Le prêteur, bien que déchu de son droit aux intérêts, demeure fondé à solliciter le paiement des intérêts au taux légal, en vertu de l’article 1231-6 du code civil, sur le capital restant dû, majoré de plein-droit deux mois après le caractère exécutoire de la décision de justice en application de l’article L.313-3 du code monétaire et financier.
Ces dispositions légales doivent cependant être écartées s’il en résulte pour le prêteur la perception de montants équivalents ou proches de ceux qu’il aurait perçus si la déchéance du droit aux intérêts n’avait pas été prononcée, sauf à faire perdre à cette sanction ses caractères de dissuasion et d’efficacité (CJUE 27 mars 2014, affaire C-565/12, Le Crédit Lyonnais SA / Fesih Kalhan).
En l’espèce, le crédit personnel a été accordé à un taux d’intérêt annuel fixe de 4,46 %. Dès lors, les montants susceptibles d’être effectivement perçus par le prêteur au titre des intérêts au taux légal majoré de cinq points seraient supérieurs à ce taux conventionnel.
Il convient, en conséquence, d’écarter toute application des articles 1231-6 et 1231-7 du code civil et L 313-3 du code monétaire et
Décision du 29 août 2025
PCP JCP fond – N° RG 25/05373 – N° Portalis 352J-W-B7J-C77PF
financier et de dire que les sommes dues au prêteur ne produiront aucun intérêt, même au taux légal.
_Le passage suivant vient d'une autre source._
Lemma rest_regretS M b n hm hb : master_valid M ->
  rest_regret M b n.+1 hm hb = \sum_(j < 2) M hm j *
    (explore_prob b j hb / 2
     + (1 - explore_prob b j hb) / 2 *
         rest_regret M b n (rcons hm (j, 1)) (upd hb j (ord0, 1))
     + (1 + explore_prob b j hb) / 2 *
         rest_regret M b n (rcons hm (j, 0)) (upd hb j (ord0, 0))).
Proof.
move=> /(_ hm)[_ M1]; rewrite /rest_regret /=.
have -> : n.+1%:R / 2 = \sum_(j < 2) M hm j * (n.+1%:R / 2).
  by rewrite -mulr_suml M1 mul1r.
rewrite -sumrB; apply: eq_bigr => j _; rewrite -mulrBr; congr (_ * _).
(* The bases read only the length of their history. *)
have arm_irrelevant r :
    value coin_env M (ordered base_opt base_explore b) n (rcons hm (j, r))
      (upd hb j (ord_max, r)) =
    value coin_env M (ordered base_opt base_explore b) n (rcons hm (j, r))
      (upd hb j (ord0, r)).
  apply: eq_value_size => [|i]; first exact: ordered_size.
  by rewrite /upd; case: (i == j); rewrite ?size_rcons.
rewrite sum_ord2 !orderedE !mean_coin_env /coin_env /=.
rewrite !big_cons !big_nil /= !arm_irrelevant -[n.+1]addn1 natrD.
by field.
Qed.

Lemma size_upd (hb : 'I_2 -> seq (arm * R)) j o i :
  size (upd hb j o i) = (size (hb i) + (i == j))%N.
Proof. by rewrite /upd; case: (i == j); rewrite ?size_rcons ?addn1 ?addn0. Qed.

Lemma rest_regret_ge M : master_valid M ->
  forall n hm hb (w0 w1 : R), 0 <= w0 -> 0 <= w1 ->
  cost R n (size (hb ord0) + size (hb ord_max)) *
    potential w0 w1 (size (hb ord0)) (size (hb ord_max))
  <= w0 * rest_regret M false n hm hb + w1 * rest_regret M true n hm hb.
Proof.
move=> M_valid; elim=> [|n IHn] hm hb w0 w1 w0_ge0 w1_ge0.
  by rewrite /cost big_ord0 /rest_regret /= !(mulr0, mul0r, subrr, addr0).
rewrite !rest_regretS // !sum_ord2 /explore_prob /= costS.
set N0 := size (hb ord0); set N1 := size (hb ord_max).
set K := cost R n (N0 + N1).+1.
have K_ge0 : 0 <= K by apply: cost_ge0.
have [p0_gt0 p0_le] := (rate_gt0 R N0, rate_le_half R N0).
have [p1_gt0 p1_le] := (rate_gt0 R N1, rate_le_half R N1).
have half_ge0 (x : R) : 0 <= x -> 0 <= x / 2 by move=> x0; rewrite divr_ge0.
have IH0 r c : 0 <= c -> K * potential (w0 / 2) (w1 * c / 2) N0.+1 N1 <=
    w0 / 2 * rest_regret M false n (rcons hm (ord0, r)) (upd hb ord0 (ord0, r)) +
    w1 * c / 2 * rest_regret M true n (rcons hm (ord0, r)) (upd hb ord0 (ord0, r)).
  move=> c0; have := IHn _ (upd hb ord0 (ord0, r)) _ _
    (half_ge0 _ w0_ge0) (half_ge0 _ (mulr_ge0 w1_ge0 c0)).
  by rewrite !size_upd /= addn1 addn0 addSn.
have IH1 r c : 0 <= c -> K * potential (w1 / 2) (w0 * c / 2) N1.+1 N0 <=
    w1 / 2 * rest_regret M true n (rcons hm (ord_max, r)) (upd hb ord_max (ord0, r)) +
    w0 * c / 2 * rest_regret M false n (rcons hm (ord_max, r)) (upd hb ord_max (ord0, r)).
  move=> c0; have := IHn _ (upd hb ord_max (ord0, r)) _ _
    (half_ge0 _ (mulr_ge0 w0_ge0 c0)) (half_ge0 _ w1_ge0).
  by rewrite !size_upd /= addn1 addn0 addnS potentialC addrC.
have branch0 := potential_branch w0_ge0 w1_ge0 K_ge0
  (IH0 1 (1 - rate R N0) ltac:(lra)) (IH0 0 (1 + rate R N0) ltac:(lra)).
have branch1 := potential_branch w1_ge0 w0_ge0 K_ge0
  (IH1 1 (1 - rate R N1) ltac:(lra)) (IH1 0 (1 + rate R N1) ltac:(lra)).
rewrite potentialC addnC in branch1.
have [M_ge0 M_sum] := M_valid hm; rewrite sum_ord2 in M_sum.
have := ler_wconvex2 (M_ge0 ord0) (M_ge0 ord_max) M_sum branch0 branch1.
lra.
Qed.

Lemma regret_coin_env M T :
  regret coin_env M base_opt base_explore T =
  2^-1 * rest_regret M false T [::] (fun _ => [::]) +
  2^-1 * rest_regret M true T [::] (fun _ => [::]).
Proof. by rewrite /regret /exp_reward /rest_regret opt_coin_env; field. Qed.

End CoinInstance.

Theorem mainTheorem2 (R : realType) :
  exists (D : env R) (B1 B2 : base R),
    env_valid D /\ base_valid B1 /\ base_valid B2 /\
    (forall h a, 0 < B1 h a -> mean D a = opt D) /\
    exists c : R, 0 < c /\ exists T0 : nat,
      forall M : master R, master_valid M ->
      forall T : nat, (T0 <= T)%N ->
        c * Num.sqrt (T%:R) / ln (T%:R) <= regret D M B1 B2 T.
Proof.
exists (coin_env R), (@base_opt R), (@base_explore R).
split; first exact: coin_env_valid.
split; first exact: base_opt_valid.
split; first exact: base_explore_valid.
split; first exact: base_opt_optimal.
exists 256^-1; split => //; exists 3%N => M M_valid T T3.
have half_ge0 : 0 <= 2^-1 :> R by [].
have := rest_regret_ge M_valid T [::] (fun _ => [::]) half_ge0 half_ge0.
rewrite /= -regret_coin_env; apply: le_trans.
apply: le_trans (sqrt_div_ln_le_rate R T3) _.
rewrite add0n; apply: le_trans (ler_pM _ _ (cost_ge R T) (potential_init R)).
- lra.
- by rewrite divr_ge0 // mulr_ge0 // ltW // rate_gt0.
- by [].
Qed.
Sur les demandes accessoires
En application de l’article 696 du code de procédure civile, M. [E] [D] et Mme [U] [W] épouse [W]-[Y] , qui succombent à l’instance, seront condamnés in solidum aux dépens.
Ils seront également condamnés in solidum à payer à la société CREATIS la somme de 250 euros au titre de l’article 700 du code de procédure civile.
Enfin, selon l’article 514 du code de procédure civile, les décisions de première instance sont de droit exécutoires à titre provisoire à moins que la loi ou la décision rendue n’en dispose autrement.
PAR CES MOTIFS,
La juge des contentieux de la protection, statuant après débats publics, par jugement mis à disposition au greffe, réputé contradictoire et en premier ressort,
PRONONCE la déchéance totale du droit aux intérêts de la société CREATIS au titre du crédit n°28909000968441 souscrit le 17 juin 2020 par M. [E] [D] et Mme [U] [W] épouse [W]-[Y],
CONDAMNE solidairement M. [E] [D] et Mme [U] [W] épouse [W]-[Y] à payer à la société CREATIS la somme de 9911,33 euros à titre de restitution des sommes versées en application du contrat précité,
DIT que cette somme ne produira pas d’intérêt, même au taux légal,
CONDAMNE in solidum M. [E] [D] et Mme [U] [W] épouse [W]-[Y] à payer à la société CREATIS la somme de 250 euros au titre de l’article 700 du code de procédure civile,
CONDAMNE in solidum M. [E] [D] et Mme [U] [W] épouse [W]-[Y] aux dépens,
RAPPELLE que le présent jugement est exécutoire de plein droit à titre provisoire.
Ainsi signé par la juge et la greffière susnommées et mis à disposition des parties le 29 août 2025.